The Team That Doesn't Win the AL West Is in Trouble
It's not a stretch to say that the two best teams in MLB at this point appear to be the Oakland Athletics and Los Angeles Angels. That'll make for quite the entertaining race over the final two months.
The shame of this, though, is that both clubs can't win the AL West, which means one of baseball's very best will have to play in the win-or-go-home Wild Card Game.
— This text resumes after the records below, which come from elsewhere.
Lemma sum_hjoin_part (R : nzRingType) x j :
  \sum_(z | part z == j) (J x z)%:R =
    if part x == j then (deg e x)%:R else (H (part x) j)%:R * (part_size j)%:R :> R.
Proof.
case: eqP => [<-|/eqP pxj].
  rewrite natr_deg [RHS](bigID (fun z => part z == part x)) /= [X in _ = _ + X]big1 ?addr0.
    by apply: eq_bigr => z /eqP pz; rewrite hjoin_same_part.
  by move=> z; case exz: (e x z); rewrite // (e_part exz) eqxx.
rewrite (eq_bigr (fun=> (H (part x) j)%:R)) => [|z /eqP pz]; last first.
  by rewrite hjoin_diff_part pz // eq_sym.
by rewrite sumr_const mulr_natr; congr (_ *+ _); apply: eq_card => z; rewrite inE.
Qed.

Lemma deg_hjoin (R : nzRingType) x :
  (deg J x)%:R = (deg e x)%:R + \sum_j (H (part x) j)%:R * (part_size j)%:R :> R.
Proof.
rewrite natr_deg (partition_big part predT) //=.
under eq_bigr do rewrite sum_hjoin_part.
rewrite (bigD1 (part x)) //= eqxx [in RHS](bigD1 (part x)) //= H_irr mul0r add0r.
by congr (_ + _); apply: eq_bigr => j /negbTE; rewrite eq_sym => ->.
Qed.

Variables (R : fieldType) (s : R) (dg sz : 'I_r -> nat).
Hypotheses (e_reg : forall x, deg e x = dg (part x)) (size_part : forall j, part_size j = sz j).

Definition hjoin_diag i : R :=
  1 + s ^+ 2 * ((dg i)%:R + \sum_j (H i j)%:R * (sz j)%:R - 1).

Definition hjoin_lap x z : R := fun_one x z * hjoin_diag (part x) - s * (J x z)%:R.

Definition hjoin_quotient i j : R :=
  fun_one i j * hjoin_diag i - s * (if i == j then (dg i)%:R else (H i j)%:R * (sz j)%:R).

Lemma deformed_laplacian_hjoin : deformed_laplacian J s = fun_mx hjoin_lap.
Proof.
apply/matrixP => i j; rewrite !mxE /hjoin_lap /hjoin_diag /fun_one.
rewrite deg_hjoin e_reg (inj_eq enum_val_inj).
under eq_bigr do rewrite size_part.
by case: eqP => _; ring.
Qed.

Lemma sum_hjoin_lap x j : \sum_(z | part z == j) hjoin_lap x z = hjoin_quotient (part x) j.
Proof.
rewrite sumrB -mulr_suml -mulr_sumr sum_hjoin_part e_reg size_part /hjoin_quotient.
rewrite big_mkcond (bigD1 x) //= big1 ?addr0 => [|z /negbTE zx]; last first.
  by rewrite /fun_one (eq_sym x) zx; case: ifP.
by rewrite /fun_one eqxx; case: (part x == j).
Qed.

Lemma hjoin_lap_diff x y u :
  part u = part x -> part x != part y -> hjoin_lap x y - hjoin_lap u y = 0.
Proof.
move=> pu pxy; have puy : part u != part y by rewrite pu.
have [xy|/negbTE xy] := eqVneq x y; first by rewrite xy eqxx in pxy.
have [uy|/negbTE uy] := eqVneq u y; first by rewrite uy eqxx in puy.
by rewrite /hjoin_lap /fun_one xy uy !hjoin_diff_part // pu subrr.
Qed.

Lemma hjoin_lap_same x y u :
  part u = part x -> part y = part x -> u != y ->
  hjoin_lap x y - hjoin_lap u y = fun_one x y * hjoin_diag (part x) - s * ((e x y)%:R - (e u y)%:R).
Proof.
move=> pu py /negbTE uy.
by rewrite /hjoin_lap /fun_one uy !hjoin_same_part ?pu ?py //= mul0r; ring.
Qed.

Lemma char_deformed_laplacian_hjoin (W : finType) (h : 'I_r + W -> V) :
  bijective h -> (forall j, part (h (inl j)) = j) ->
  char_poly (deformed_laplacian J s) = char_poly (\matrix_(i, j) hjoin_quotient i j) *
    char_fun (fun w w' => hjoin_lap (h (inr w)) (h (inr w')) -
                          hjoin_lap (h (inl (part (h (inr w))))) (h (inr w'))).
Proof.
move=> h_bij part_rep; rewrite deformed_laplacian_hjoin.
exact: (char_fun_equitable (F := hjoin_lap) (Q := hjoin_quotient) h_bij part_rep sum_hjoin_lap).
Qed.

End HJoin.

Lemma row'_col'_mx_nat (R : Type) n (f : nat -> nat -> R) (i0 j0 : 'I_n.+1) :
  row' i0 (col' j0 (\matrix_(i < n.+1, j < n.+1) f i j)) =
  \matrix_(i < n, j < n) f (bump i0 i) (bump j0 j).
Proof. by apply/matrixP => i j; rewrite !mxE. Qed.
That could rob the sport of a full series involving a team that would be worth watching for more than (potentially) just one game.
Not only that, the side that doesn't go on to win the West could wind up facing—gasp—Felix Hernandez of the Seattle Mariners, whose team is right in the mix for that second wild-card spot.
There are other division races that involve more teams fighting for the crown (think: AL East and NL Central), but the outcome of the AL West very easily could have the biggest impact on October.
The Yankees Are Doing Their Darnedest to Get Derek Jeter to 1 Last October
The New York Yankees are an old team that's only getting older, as their batters' average age of 32.9 is easily the oldest in MLB. No player personifies this more so than shortstop and captain Derek Jeter, the future first-ballot Hall of Famer who turned 40 earlier this season.
Perhaps spurred on by the hope of getting Jeter, who is set to hang 'em up at the end of 2014, to one final October—it would be his 17th in 19 seasons—the Yankees are doing just about anything in their power to improve the team.
In the past week or so, they've traded for right-hander Brandon McCarthy (2-0, 1.45 ERA with New York), left-hander Chris Capuano and third baseman Chase Headley, who had the walk-off winner in his very first game in pinstripes on Tuesday.
These acquisitions aren't necessarily big names, because general manager Brian Cashman doesn't have a lot to work with in terms of big leaguers with tradable contracts or high-end prospects to part with. But the newcomers can help prop up an aging, injury-prone roster. And so far, they have.
That might be enough to win the wide-open AL East or at least put Jeter in a wild-card play-in game in his last year.
The Padres Could Break Their Own Record for Futility
Speaking of Chase Headley, even though he's not the offensive force he was for the second half of 2012, his departure leaves the San Diego Padres, already the worst lineup in baseball, with a chance to make some history—and not the good kind.
This is a club with a collective .217/.277/.377 triple-slash line for the year, and each of those three categories represents the worst in baseball this season—by, like, a lot.
But that .217 average and .277 on-base percentage also would be the worst in the sport since—get this—1969, which is when MLB had to lower the mound to stop the pitchers from just pwning (yes, with a "p") batters all the time.
This isn't the first time San Diego has been this inept with the sticks either. The two lowest OBPs in that time frame (.283 in 1972 and .285 in 1969, respectively) both belong to—you guessed it—the Padres.
All of this, by the way, includes the Padres' season-high 13-run outburst against the Chicago Cubs on Thursday.